* _EXERCISE DETAILS_
Down to the final character, output the records below as they stand.

* _SUPPLIED DATA_

(* Let $\ell\ge4$ be such that $T_\ell$ is long, let $t\in\mathring T_\ell$, and let $\tau\in\mathbb{C}$ with $|\tau-t|<1/\sqrt{B(t)}$. Then for every $s$ with $4<s<B^{1/6}(t)$, \[ \left|\sum_{k\ge0:\,|k-A(t)|>s\sqrt{B(t)}}a_k^2e^{k\tau}\right|\le2H(\mathrm{Re}\,\tau)\exp\left(-\tfrac18(s-4)^2\right). \]
   Context: Let $G(z)=\sum_{n\ge0}a_n^2z^n$ be an entire function with $a_n\ge0$, infinitely many non-zero. Put $H(t)=G(e^t)=\sum a_n^2e^{nt}$, $A(t)=H'(t)/H(t)$, $B(t)=A'(t)$, and assume $B$ is non-decreasing and unbounded on $\mathbb{R}$. Choose points $t_\ell\uparrow\infty$ with $B(t_\ell)=\ell^6$ (for all $\ell$ for which this is possible), and set $T_\ell=[t_\ell,t_{\ell+1}]$. $T_\ell$ is called long if $t_{\ell+1}-t_\ell\ge8/\ell^2$, and then its interior is $\mathring T_\ell=[t_\ell+2/\ell^2,\,t_{\ell+1}-2/\ell^2]$. *)

From Stdlib Require Import Reals Lra.
From Coquelicot Require Export Coquelicot.
Open Scope R_scope.

(* H(t) = G(e^t) = sum_n a_n^2 e^{n t} *)
Definition Hf (a : nat -> R) (t : R) : R :=
  Series (fun n => (a n) ^ 2 * exp (INR n * t)).

Definition Af (a : nat -> R) (t : R) : R := Derive (Hf a) t / Hf a t.
Definition Bf (a : nat -> R) (t : R) : R := Derive (Af a) t.

Definition cexp (z : C) : C :=
  (exp (Re z) * cos (Im z), exp (Re z) * sin (Im z)).

Definition tail_term (a : nat -> R) (t s : R) (tau : C) (k : nat) : C :=
  if Rlt_dec (s * sqrt (Bf a t)) (Rabs (INR k - Af a t))
  then RtoC ((a k) ^ 2) * cexp (RtoC (INR k) * tau)
  else RtoC 0.

From Stdlib Require Import Reals Lra.
From Coquelicot Require Import Coquelicot.
Open Scope R_scope.

(* Chernoff's trick.  Write sigma = Re tau and r = s sqrt B(t).  On the tail
   |k - A(t)| > r one has 1 <= exp(lam (k - A(t) - r)) + exp(-lam (k - A(t) + r)),
   so the tail is at most
     exp(-lam (A(t) + r)) H(sigma + lam) + exp(lam (A(t) - r)) H(sigma - lam).
   Since (ln H)'' = B, Taylor's formula gives
     H(sigma +- lam) <= H(sigma) exp(+- lam A(sigma) + M lam^2 / 2)
   for any bound M of B between sigma and sigma +- lam, and |A(sigma) - A(t)| <= M |sigma - t|.
   In the interior of a long T_l, B <= B(t_(l+1)) = (l+1)^6 <= 4 B(t) on the window of
   radius 1/(2 l^2) around t, which contains sigma +- lam for lam = (s - 4) / (4 sqrt B(t));
   with M = 4 B(t) and this lam the exponent is at most -(s - 4)^2 / 8. *)

Lemma exp_le_compat (x y : R) : x <= y -> exp x <= exp y.
Proof.
  intros [Hlt | ->]; [now left; apply exp_increasing | apply Rle_refl].
Qed.

Lemma exp_INR_mul (n : nat) (x : R) : exp (INR n * x) = exp x ^ n.
Proof.
  rewrite <- Rpower_pow by apply exp_pos.
  unfold Rpower. now rewrite ln_exp.
Qed.

Lemma Cmod_cexp (z : C) : Cmod (cexp z) = exp (Re z).
Proof.
  unfold cexp, Cmod; cbn [fst snd].
  replace ((exp (Re z) * cos (Im z)) ^ 2 + (exp (Re z) * sin (Im z)) ^ 2)
    with (exp (Re z) ^ 2).
  - apply sqrt_pow2. left; apply exp_pos.
  - pose proof (sin2_cos2 (Im z)) as Hsc. unfold Rsqr in Hsc. nra.
Qed.

Lemma Rabs_Re_sub_le_Cmod (z : C) (x : R) : Rabs (Re z - x) <= Cmod (z - RtoC x).
Proof.
  replace (Re z - x) with (Re (z - RtoC x)) by (destruct z; simpl; ring).
  apply re_le_Cmod.
Qed.

Lemma is_derive_MVT (f df : R -> R) (x y : R) :
  (forall u, is_derive f u (df u)) ->
  exists e, Rmin x y <= e <= Rmax x y /\ f y - f x = df e * (y - x).
Proof.
  intro Hf.
  apply MVT_gen; intros u _; [apply Hf |].
  apply continuity_pt_filterlim, (ex_derive_continuous f).
  eexists; apply Hf.
Qed.

Lemma is_series_nonneg_ge_term (f : nat -> R) (l : R) (n : nat) :
  (forall k, 0 <= f k) -> is_series f l -> f n <= l.
Proof.
  intros Hf Hl.
  apply Rle_trans with (sum_n f n).
  - destruct n as [| n]; [rewrite sum_O; apply Rle_refl |].
    rewrite sum_Sn.
    assert (Hpos : 0 <= sum_n f n).
    { pose proof (sum_n_m_le (fun _ => zero) f 0 n Hf) as Hle.
      now rewrite sum_n_m_const_zero in Hle. }
    change (plus (sum_n f n) (f (S n))) with (sum_n f n + f (S n)). lra.
  - apply (is_lim_seq_incr_compare (sum_n f)); [exact Hl |].
    intro m. rewrite sum_Sn. specialize (Hf (S m)).
    change (plus (sum_n f m) (f (S m))) with (sum_n f m + f (S m)). lra.
Qed.

Lemma is_series_Cmod_le (f : nat -> C) (g : nat -> R) (Sf : C) (Sg : R) :
  is_series f Sf -> is_series g Sg -> (forall n, Cmod (f n) <= g n) ->
  Cmod Sf <= Sg.
Proof.
  intros Hf Hg Hfg.
  assert (Hpartial : forall N, norm (sum_n f N) <= sum_n g N).
  { intro N. eapply Rle_trans; [apply (norm_sum_n_m (K := C_AbsRing) f 0 N) |].
    now apply sum_n_m_le. }
  assert (Hnorm : is_lim_seq (fun N => norm (sum_n f N)) (norm Sf)).
  { eapply filterlim_comp; [exact Hf | apply filterlim_norm]. }
  exact (is_lim_seq_le _ (sum_n g) _ Sg Hpartial Hnorm Hg).
Qed.

Lemma one_le_chernoff_weight (lam r y : R) :
  0 < lam -> r < Rabs y -> 1 <= exp (lam * (y - r)) + exp (- lam * (y + r)).
Proof.
  intros Hlam Hr.
  pose proof (exp_pos (lam * (y - r))). pose proof (exp_pos (- lam * (y + r))).
  pose proof (exp_ineq1_le (lam * (y - r))). pose proof (exp_ineq1_le (- lam * (y + r))).
  destruct (Rle_or_lt 0 y).
  - rewrite Rabs_right in Hr by lra. nra.
  - rewrite Rabs_left in Hr by lra. nra.
Qed.

Lemma gaussian_exponent_le (lam q s e : R) :
  lam * q = (s - 4) / 4 -> e <= s - 4 ->
  e - lam * (s * q) + 2 * q ^ 2 * lam ^ 2 <= - (1 / 8) * (s - 4) ^ 2.
Proof.
  intros Hlq He.
  replace (lam * (s * q)) with (s * (lam * q)) by ring.
  replace (2 * q ^ 2 * lam ^ 2) with (2 * (lam * q) ^ 2) by ring.
  rewrite Hlq. nra.
Qed.

Lemma CV_radius_infty_gt (d : nat -> R) (x : R) :
  CV_radius d = p_infty -> Rbar_lt (Rabs x) (CV_radius d).
Proof. now intros ->. Qed.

* _RESPONSE TO THIS TASK_
(* Let $\ell\ge4$ be such that $T_\ell$ is long, let $t\in\mathring T_\ell$, and let $\tau\in\mathbb{C}$ with $|\tau-t|<1/\sqrt{B(t)}$. Then for every $s$ with $4<s<B^{1/6}(t)$, \[ \left|\sum_{k\ge0:\,|k-A(t)|>s\sqrt{B(t)}}a_k^2e^{k\tau}\right|\le2H(\mathrm{Re}\,\tau)\exp\left(-\tfrac18(s-4)^2\right). \]
   Context: Let $G(z)=\sum_{n\ge0}a_n^2z^n$ be an entire function with $a_n\ge0$, infinitely many non-zero. Put $H(t)=G(e^t)=\sum a_n^2e^{nt}$, $A(t)=H'(t)/H(t)$, $B(t)=A'(t)$, and assume $B$ is non-decreasing and unbounded on $\mathbb{R}$. Choose points $t_\ell\uparrow\infty$ with $B(t_\ell)=\ell^6$ (for all $\ell$ for which this is possible), and set $T_\ell=[t_\ell,t_{\ell+1}]$. $T_\ell$ is called long if $t_{\ell+1}-t_\ell\ge8/\ell^2$, and then its interior is $\mathring T_\ell=[t_\ell+2/\ell^2,\,t_{\ell+1}-2/\ell^2]$. *)

From Stdlib Require Import Reals Lra.
From Coquelicot Require Export Coquelicot.
Open Scope R_scope.

(* H(t) = G(e^t) = sum_n a_n^2 e^{n t} *)
Definition Hf (a : nat -> R) (t : R) : R :=
  Series (fun n => (a n) ^ 2 * exp (INR n * t)).

Definition Af (a : nat -> R) (t : R) : R := Derive (Hf a) t / Hf a t.
Definition Bf (a : nat -> R) (t : R) : R := Derive (Af a) t.

Definition cexp (z : C) : C :=
  (exp (Re z) * cos (Im z), exp (Re z) * sin (Im z)).

Definition tail_term (a : nat -> R) (t s : R) (tau : C) (k : nat) : C :=
  if Rlt_dec (s * sqrt (Bf a t)) (Rabs (INR k - Af a t))
  then RtoC ((a k) ^ 2) * cexp (RtoC (INR k) * tau)
  else RtoC 0.

From Stdlib Require Import Reals Lra.
From Coquelicot Require Import Coquelicot.
Open Scope R_scope.

(* Chernoff's trick.  Write sigma = Re tau and r = s sqrt B(t).  On the tail
   |k - A(t)| > r one has 1 <= exp(lam (k - A(t) - r)) + exp(-lam (k - A(t) + r)),
   so the tail is at most
     exp(-lam (A(t) + r)) H(sigma + lam) + exp(lam (A(t) - r)) H(sigma - lam).
   Since (ln H)'' = B, Taylor's formula gives
     H(sigma +- lam) <= H(sigma) exp(+- lam A(sigma) + M lam^2 / 2)
   for any bound M of B between sigma and sigma +- lam, and |A(sigma) - A(t)| <= M |sigma - t|.
   In the interior of a long T_l, B <= B(t_(l+1)) = (l+1)^6 <= 4 B(t) on the window of
   radius 1/(2 l^2) around t, which contains sigma +- lam for lam = (s - 4) / (4 sqrt B(t));
   with M = 4 B(t) and this lam the exponent is at most -(s - 4)^2 / 8. *)

Lemma exp_le_compat (x y : R) : x <= y -> exp x <= exp y.
Proof.
  intros [Hlt | ->]; [now left; apply exp_increasing | apply Rle_refl].
Qed.

Lemma exp_INR_mul (n : nat) (x : R) : exp (INR n * x) = exp x ^ n.
Proof.
  rewrite <- Rpower_pow by apply exp_pos.
  unfold Rpower. now rewrite ln_exp.
Qed.

Lemma Cmod_cexp (z : C) : Cmod (cexp z) = exp (Re z).
Proof.
  unfold cexp, Cmod; cbn [fst snd].
  replace ((exp (Re z) * cos (Im z)) ^ 2 + (exp (Re z) * sin (Im z)) ^ 2)
    with (exp (Re z) ^ 2).
  - apply sqrt_pow2. left; apply exp_pos.
  - pose proof (sin2_cos2 (Im z)) as Hsc. unfold Rsqr in Hsc. nra.
Qed.

Lemma Rabs_Re_sub_le_Cmod (z : C) (x : R) : Rabs (Re z - x) <= Cmod (z - RtoC x).
Proof.
  replace (Re z - x) with (Re (z - RtoC x)) by (destruct z; simpl; ring).
  apply re_le_Cmod.
Qed.

Lemma is_derive_MVT (f df : R -> R) (x y : R) :
  (forall u, is_derive f u (df u)) ->
  exists e, Rmin x y <= e <= Rmax x y /\ f y - f x = df e * (y - x).
Proof.
  intro Hf.
  apply MVT_gen; intros u _; [apply Hf |].
  apply continuity_pt_filterlim, (ex_derive_continuous f).
  eexists; apply Hf.
Qed.

Lemma is_series_nonneg_ge_term (f : nat -> R) (l : R) (n : nat) :
  (forall k, 0 <= f k) -> is_series f l -> f n <= l.
Proof.
  intros Hf Hl.
  apply Rle_trans with (sum_n f n).
  - destruct n as [| n]; [rewrite sum_O; apply Rle_refl |].
    rewrite sum_Sn.
    assert (Hpos : 0 <= sum_n f n).
    { pose proof (sum_n_m_le (fun _ => zero) f 0 n Hf) as Hle.
      now rewrite sum_n_m_const_zero in Hle. }
    change (plus (sum_n f n) (f (S n))) with (sum_n f n + f (S n)). lra.
  - apply (is_lim_seq_incr_compare (sum_n f)); [exact Hl |].
    intro m. rewrite sum_Sn. specialize (Hf (S m)).
    change (plus (sum_n f m) (f (S m))) with (sum_n f m + f (S m)). lra.
Qed.

Lemma is_series_Cmod_le (f : nat -> C) (g : nat -> R) (Sf : C) (Sg : R) :
  is_series f Sf -> is_series g Sg -> (forall n, Cmod (f n) <= g n) ->
  Cmod Sf <= Sg.
Proof.
  intros Hf Hg Hfg.
  assert (Hpartial : forall N, norm (sum_n f N) <= sum_n g N).
  { intro N. eapply Rle_trans; [apply (norm_sum_n_m (K := C_AbsRing) f 0 N) |].
    now apply sum_n_m_le. }
  assert (Hnorm : is_lim_seq (fun N => norm (sum_n f N)) (norm Sf)).
  { eapply filterlim_comp; [exact Hf | apply filterlim_norm]. }
  exact (is_lim_seq_le _ (sum_n g) _ Sg Hpartial Hnorm Hg).
Qed.

Lemma one_le_chernoff_weight (lam r y : R) :
  0 < lam -> r < Rabs y -> 1 <= exp (lam * (y - r)) + exp (- lam * (y + r)).
Proof.
  intros Hlam Hr.
  pose proof (exp_pos (lam * (y - r))). pose proof (exp_pos (- lam * (y + r))).
  pose proof (exp_ineq1_le (lam * (y - r))). pose proof (exp_ineq1_le (- lam * (y + r))).
  destruct (Rle_or_lt 0 y).
  - rewrite Rabs_right in Hr by lra. nra.
  - rewrite Rabs_left in Hr by lra. nra.
Qed.

Lemma gaussian_exponent_le (lam q s e : R) :
  lam * q = (s - 4) / 4 -> e <= s - 4 ->
  e - lam * (s * q) + 2 * q ^ 2 * lam ^ 2 <= - (1 / 8) * (s - 4) ^ 2.
Proof.
  intros Hlq He.
  replace (lam * (s * q)) with (s * (lam * q)) by ring.
  replace (2 * q ^ 2 * lam ^ 2) with (2 * (lam * q) ^ 2) by ring.
  rewrite Hlq. nra.
Qed.

Lemma CV_radius_infty_gt (d : nat -> R) (x : R) :
  CV_radius d = p_infty -> Rbar_lt (Rabs x) (CV_radius d).
Proof. now intros ->. Qed.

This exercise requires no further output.